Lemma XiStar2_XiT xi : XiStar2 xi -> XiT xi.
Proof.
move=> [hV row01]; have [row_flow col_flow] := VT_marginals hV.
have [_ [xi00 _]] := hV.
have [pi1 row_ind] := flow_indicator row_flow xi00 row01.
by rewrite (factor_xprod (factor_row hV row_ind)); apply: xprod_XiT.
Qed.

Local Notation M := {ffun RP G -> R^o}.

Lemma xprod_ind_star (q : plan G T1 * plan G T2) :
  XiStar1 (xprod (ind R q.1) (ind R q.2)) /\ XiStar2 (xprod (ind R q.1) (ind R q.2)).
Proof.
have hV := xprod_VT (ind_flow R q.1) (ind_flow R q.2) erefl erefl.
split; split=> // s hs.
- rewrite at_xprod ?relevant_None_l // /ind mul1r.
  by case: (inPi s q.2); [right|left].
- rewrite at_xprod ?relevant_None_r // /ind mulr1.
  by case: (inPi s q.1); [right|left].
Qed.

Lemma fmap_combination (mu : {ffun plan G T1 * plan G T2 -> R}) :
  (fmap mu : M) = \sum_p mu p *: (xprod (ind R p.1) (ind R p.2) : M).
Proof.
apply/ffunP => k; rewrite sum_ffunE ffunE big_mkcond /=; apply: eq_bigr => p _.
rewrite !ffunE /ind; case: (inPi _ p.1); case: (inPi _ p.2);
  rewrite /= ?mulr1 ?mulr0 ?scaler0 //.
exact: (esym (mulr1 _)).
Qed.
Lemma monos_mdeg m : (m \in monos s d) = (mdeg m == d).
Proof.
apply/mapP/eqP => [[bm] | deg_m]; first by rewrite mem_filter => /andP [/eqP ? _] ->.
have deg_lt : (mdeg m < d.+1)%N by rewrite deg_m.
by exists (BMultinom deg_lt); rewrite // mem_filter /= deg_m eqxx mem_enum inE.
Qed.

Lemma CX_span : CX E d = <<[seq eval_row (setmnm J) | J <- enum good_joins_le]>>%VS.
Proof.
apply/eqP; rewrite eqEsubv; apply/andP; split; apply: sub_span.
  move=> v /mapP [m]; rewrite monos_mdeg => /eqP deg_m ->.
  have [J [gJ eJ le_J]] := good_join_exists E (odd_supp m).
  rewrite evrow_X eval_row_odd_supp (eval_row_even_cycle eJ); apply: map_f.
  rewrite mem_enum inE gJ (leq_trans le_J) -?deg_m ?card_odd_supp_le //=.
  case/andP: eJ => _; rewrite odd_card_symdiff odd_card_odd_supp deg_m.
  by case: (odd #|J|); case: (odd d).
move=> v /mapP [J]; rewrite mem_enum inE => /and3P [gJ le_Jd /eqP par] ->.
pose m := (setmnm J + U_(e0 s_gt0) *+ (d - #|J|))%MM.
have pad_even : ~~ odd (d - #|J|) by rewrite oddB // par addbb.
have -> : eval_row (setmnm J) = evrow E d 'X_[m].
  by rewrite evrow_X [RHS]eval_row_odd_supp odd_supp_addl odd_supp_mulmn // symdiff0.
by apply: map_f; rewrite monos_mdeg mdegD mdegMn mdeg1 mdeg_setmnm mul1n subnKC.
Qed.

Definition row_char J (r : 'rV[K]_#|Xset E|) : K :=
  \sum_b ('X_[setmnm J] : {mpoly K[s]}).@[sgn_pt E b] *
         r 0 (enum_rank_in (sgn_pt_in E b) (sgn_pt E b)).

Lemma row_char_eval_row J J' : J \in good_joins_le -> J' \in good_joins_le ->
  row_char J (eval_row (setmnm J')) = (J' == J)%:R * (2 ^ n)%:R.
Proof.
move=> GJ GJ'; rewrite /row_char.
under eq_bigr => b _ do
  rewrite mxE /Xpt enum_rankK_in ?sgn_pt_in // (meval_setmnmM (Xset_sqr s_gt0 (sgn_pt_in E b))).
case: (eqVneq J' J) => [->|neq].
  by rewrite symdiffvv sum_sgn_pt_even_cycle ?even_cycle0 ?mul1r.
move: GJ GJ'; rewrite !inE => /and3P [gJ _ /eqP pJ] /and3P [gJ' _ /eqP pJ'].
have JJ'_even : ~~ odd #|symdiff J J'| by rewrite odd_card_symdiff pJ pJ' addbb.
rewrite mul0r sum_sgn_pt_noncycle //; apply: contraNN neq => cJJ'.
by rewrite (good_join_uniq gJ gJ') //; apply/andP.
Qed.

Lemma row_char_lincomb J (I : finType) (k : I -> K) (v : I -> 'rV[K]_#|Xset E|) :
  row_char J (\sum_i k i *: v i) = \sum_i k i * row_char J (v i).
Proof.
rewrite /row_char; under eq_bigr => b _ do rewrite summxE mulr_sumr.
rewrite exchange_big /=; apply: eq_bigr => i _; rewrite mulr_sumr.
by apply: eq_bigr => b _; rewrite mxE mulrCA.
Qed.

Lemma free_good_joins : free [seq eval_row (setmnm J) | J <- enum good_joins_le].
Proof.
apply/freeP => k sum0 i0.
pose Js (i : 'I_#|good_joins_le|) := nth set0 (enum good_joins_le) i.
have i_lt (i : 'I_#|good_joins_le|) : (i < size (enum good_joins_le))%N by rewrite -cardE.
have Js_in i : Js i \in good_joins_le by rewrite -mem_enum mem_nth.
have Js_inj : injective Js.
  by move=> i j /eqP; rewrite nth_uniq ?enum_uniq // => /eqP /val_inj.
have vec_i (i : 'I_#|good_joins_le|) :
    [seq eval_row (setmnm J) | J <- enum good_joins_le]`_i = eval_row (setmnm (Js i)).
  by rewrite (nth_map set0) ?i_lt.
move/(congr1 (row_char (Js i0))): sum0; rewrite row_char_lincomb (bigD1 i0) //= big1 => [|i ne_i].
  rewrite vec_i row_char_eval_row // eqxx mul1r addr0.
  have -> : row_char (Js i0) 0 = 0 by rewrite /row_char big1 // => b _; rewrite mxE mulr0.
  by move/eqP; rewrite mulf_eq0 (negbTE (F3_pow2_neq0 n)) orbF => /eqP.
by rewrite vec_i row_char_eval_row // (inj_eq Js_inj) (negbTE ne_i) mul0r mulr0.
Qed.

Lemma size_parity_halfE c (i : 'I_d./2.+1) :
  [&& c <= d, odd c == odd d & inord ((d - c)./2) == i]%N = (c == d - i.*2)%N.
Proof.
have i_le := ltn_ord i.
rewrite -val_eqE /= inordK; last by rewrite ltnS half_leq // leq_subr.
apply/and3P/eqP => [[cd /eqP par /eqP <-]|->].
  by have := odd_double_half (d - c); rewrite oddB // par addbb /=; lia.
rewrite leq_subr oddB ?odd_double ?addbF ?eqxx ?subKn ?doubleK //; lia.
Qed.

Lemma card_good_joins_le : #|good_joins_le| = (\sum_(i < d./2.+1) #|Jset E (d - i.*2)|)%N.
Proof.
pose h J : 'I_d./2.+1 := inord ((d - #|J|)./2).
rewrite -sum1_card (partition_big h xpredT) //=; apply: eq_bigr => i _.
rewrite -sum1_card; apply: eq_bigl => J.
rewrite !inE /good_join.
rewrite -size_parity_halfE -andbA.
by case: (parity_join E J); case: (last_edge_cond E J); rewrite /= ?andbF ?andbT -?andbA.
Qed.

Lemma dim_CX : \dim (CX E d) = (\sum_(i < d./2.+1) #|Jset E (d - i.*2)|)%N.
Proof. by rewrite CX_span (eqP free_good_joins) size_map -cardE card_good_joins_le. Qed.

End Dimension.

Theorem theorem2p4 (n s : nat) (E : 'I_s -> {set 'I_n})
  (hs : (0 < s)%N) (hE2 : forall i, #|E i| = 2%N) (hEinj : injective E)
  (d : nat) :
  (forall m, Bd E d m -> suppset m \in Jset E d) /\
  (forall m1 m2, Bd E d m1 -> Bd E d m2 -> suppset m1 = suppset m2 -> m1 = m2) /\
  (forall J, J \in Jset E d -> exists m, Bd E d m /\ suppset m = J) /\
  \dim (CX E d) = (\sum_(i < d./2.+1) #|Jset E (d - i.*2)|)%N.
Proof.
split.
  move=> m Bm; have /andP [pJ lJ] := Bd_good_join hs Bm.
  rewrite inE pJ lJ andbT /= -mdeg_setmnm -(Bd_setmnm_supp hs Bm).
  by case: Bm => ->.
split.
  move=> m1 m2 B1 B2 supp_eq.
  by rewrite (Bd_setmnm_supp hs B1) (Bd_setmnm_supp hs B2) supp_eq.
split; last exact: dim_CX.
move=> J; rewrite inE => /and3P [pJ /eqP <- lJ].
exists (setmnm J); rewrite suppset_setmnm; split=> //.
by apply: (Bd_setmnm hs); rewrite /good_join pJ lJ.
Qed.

- TASK OBJECTIVE -
Take the stretch of lines above from the one containing "rewrite -val_eqE /= inordK;" through the one containing "rewrite -size_parity_halfE -andbA." and repeat it exactly, adding no other line.

- EXERCISE RESULT -
rewrite -val_eqE /= inordK; last by rewrite ltnS half_leq // leq_subr.
apply/and3P/eqP => [[cd /eqP par /eqP <-]|->].
  by have := odd_double_half (d - c); rewrite oddB // par addbb /=; lia.
rewrite leq_subr oddB ?odd_double ?addbF ?eqxx ?subKn ?doubleK //; lia.
Qed.

Lemma card_good_joins_le : #|good_joins_le| = (\sum_(i < d./2.+1) #|Jset E (d - i.*2)|)%N.
Proof.
pose h J : 'I_d./2.+1 := inord ((d - #|J|)./2).
rewrite -sum1_card (partition_big h xpredT) //=; apply: eq_bigr => i _.
rewrite -sum1_card; apply: eq_bigl => J.
rewrite !inE /good_join.
rewrite -size_parity_halfE -andbA.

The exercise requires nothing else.